Su samurlarını görmesek bile en azından duymuşuzdur. Samurlar karada ve suda yaşayabilen kürkleri makbûl memeli hayvanlardır. Nesilleri azalma eğilimi gösteriyor olsa da Antarktika ve Avustralya dışında dünyânın her yanında görülebilmektedirler. Ağırlığı ve boyuysa yaşadığı yere göre değişir. Küçük türleri üçte bir kuyruk olarak bir metre uzunluğa ulaşabilirler. Ağırlıklarıysa sâdece beş kilogram civârındadır.
Samurların bir kısmı tamâmen kara hayvanıyken bir kısmı gerektiğinde suya da girerler. Hattâ bunlar daha çok suda yaşarlar. İşte bunların Güney Amerika'da ve özellikle Brezilya'da görüleni türünün tam bir devidir. Boyu kuyruğuyla birlikte iki metreye yaklaşabilir.
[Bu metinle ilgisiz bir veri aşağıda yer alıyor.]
(* Both atoms are won by bidder 1, who pays r2 (resp. r2') per click at the
   common bid mean1. *)
Lemma bundling_revenue :
  0 < mean1 -> r2' <= r2 -> r2 < mean1 -> revenue bundling = ctr_product / mean1.
Proof.
move=> mean1_gt0 r2'_le_r2 r2_lt_mean1.
have r2'_lt_mean1 := le_lt_trans r2'_le_r2 r2_lt_mean1.
rewrite /revenue !big_cons big_nil /weight /ctr /sig /atom_revenue /=.
rewrite r2_lt_mean1 r2'_lt_mean1 /ctr_product; field.
by rewrite gt_eqF.
Qed.

End Bundling.
End TwoConfigurations.

Theorem mainTheorem9 (R : realType) (p r1 r2 r1' r2' : R) :
  0 < p < 1 ->
  in01 r1 -> in01 r2 -> in01 r1' -> in01 r2' ->
  r1' <= r1 -> r2 <= r1 -> r2' <= r1 ->
  0 < r1 ->
  r2' <= r1' ->
  r2' <= r2 ->
  r2 <= p * r1 + (1 - p) * r1' ->
  (forall I : seq (atom R),
      info_structure p (r1, r2) (r1', r2') I -> calibrated I ->
      revenue I <= (p * r1 * r2 + (1 - p) * r1' * r2') / (p * r1 + (1 - p) * r1'))
  /\
  (r2 < p * r1 + (1 - p) * r1' ->
   let mu1 := p * r1 + (1 - p) * r1' in
   let I0 : seq (atom R) :=
     [:: (p, ((r1, r2), (mu1, r2))); (1 - p, ((r1', r2'), (mu1, r2')))] in
   [/\ info_structure p (r1, r2) (r1', r2') I0, calibrated I0
     & revenue I0 = (p * r1 * r2 + (1 - p) * r1' * r2') / mu1]).
Proof.
move=> p_01 r1_01 r2_01 r1'_01 r2'_01 r1'_le_r1 r2_le_r1 _ r1_gt0 r2'_le_r1' r2'_le_r2 _.
have /andP[p_gt0 p_lt1] := p_01.
have /andP[r1'_ge0 _] := r1'_01; have /andP[r2'_ge0 _] := r2'_01.
have mean1_gt0 : 0 < mean1 p r1 r1' by rewrite /mean1; nra.
split=> [I infoI calibI | r2_lt_mean1 mu1 I0].
  by apply: (revenue_upper_bound _ _ r1'_ge0 r2'_ge0 r1'_le_r1 r2'_le_r2 r2_le_r1 r2'_le_r1'
                                 mean1_gt0 infoI calibI); rewrite ltW.
by split; [exact: bundling_info_structure | exact: bundling_calibrated
          | exact: bundling_revenue].
Qed.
Ağırlıkları da otuz kilograma varabilmektedir.
Fotoğrafımızda böyle bir su samurunu kendi boyundaki bir timsahı dikkatle ve fakat korkusuzca incelerken görmekteyiz.

ŞÂHİN YILAN KAVGASI


Yer Adıyaman'ın Gerger ilçesi... Gökte süzülen bir şâhin yerde sürünen bir yılanı görüyor. Yılan onun en sevdiği avlardan biridir. Belki içgüdüsüyle ilk olarak belki de kaçıncı kere bir yılana saldırıyor. Olması gerektiği üzere kafasından kavrıyor. Fakat... Fakat bu sırada yılan boş durmayıp savunmaya geçiyor. Vücûduyla şâhinin kanatlarına sarılıp onun hareket kâbiliyetine engel oluyor. Bu ise ender rastlanan bir durum mudur yoksa olağan mı?.. Bilemiyoruz. Ancak yılanın şâhini kilitlediğini ise bilmekteyiz. Evet şâhin bundan sonra hareket edemiyor ve öylece sonu belirsiz bir bekleyişe giriyorlar.
Şu da var ki yalnız değildirler orada tesâdüfen bulunan bir takım vatandaşlar onları görüp seyretmektedirler. Taraf tutulacaksa hiç şüphe yoktur ki bu taraf şâhin olacaktır. Nitekim de öyle olmuştur. Vatandaşlar şâhinden yana tavır koyup ele geçirdikleri bir sopayla yılanı gevşetince şâhin de onu kavrayıp yükselmiştir. Yükselmiştir de daha önce yerdeyken sarf ettiği efor onu bir hayli yormuştur. Bu yüzden ağzındaki yılanı yere bırakmıştır. Yere düşünce omurları çıkması ve felç olması gereken yılan ise böyle olmamıştır. Sersemleyip vatandaşlara doğru yönelince de şâhinden kurtarabildiği canını oradaki vatandaşlar almışlardır!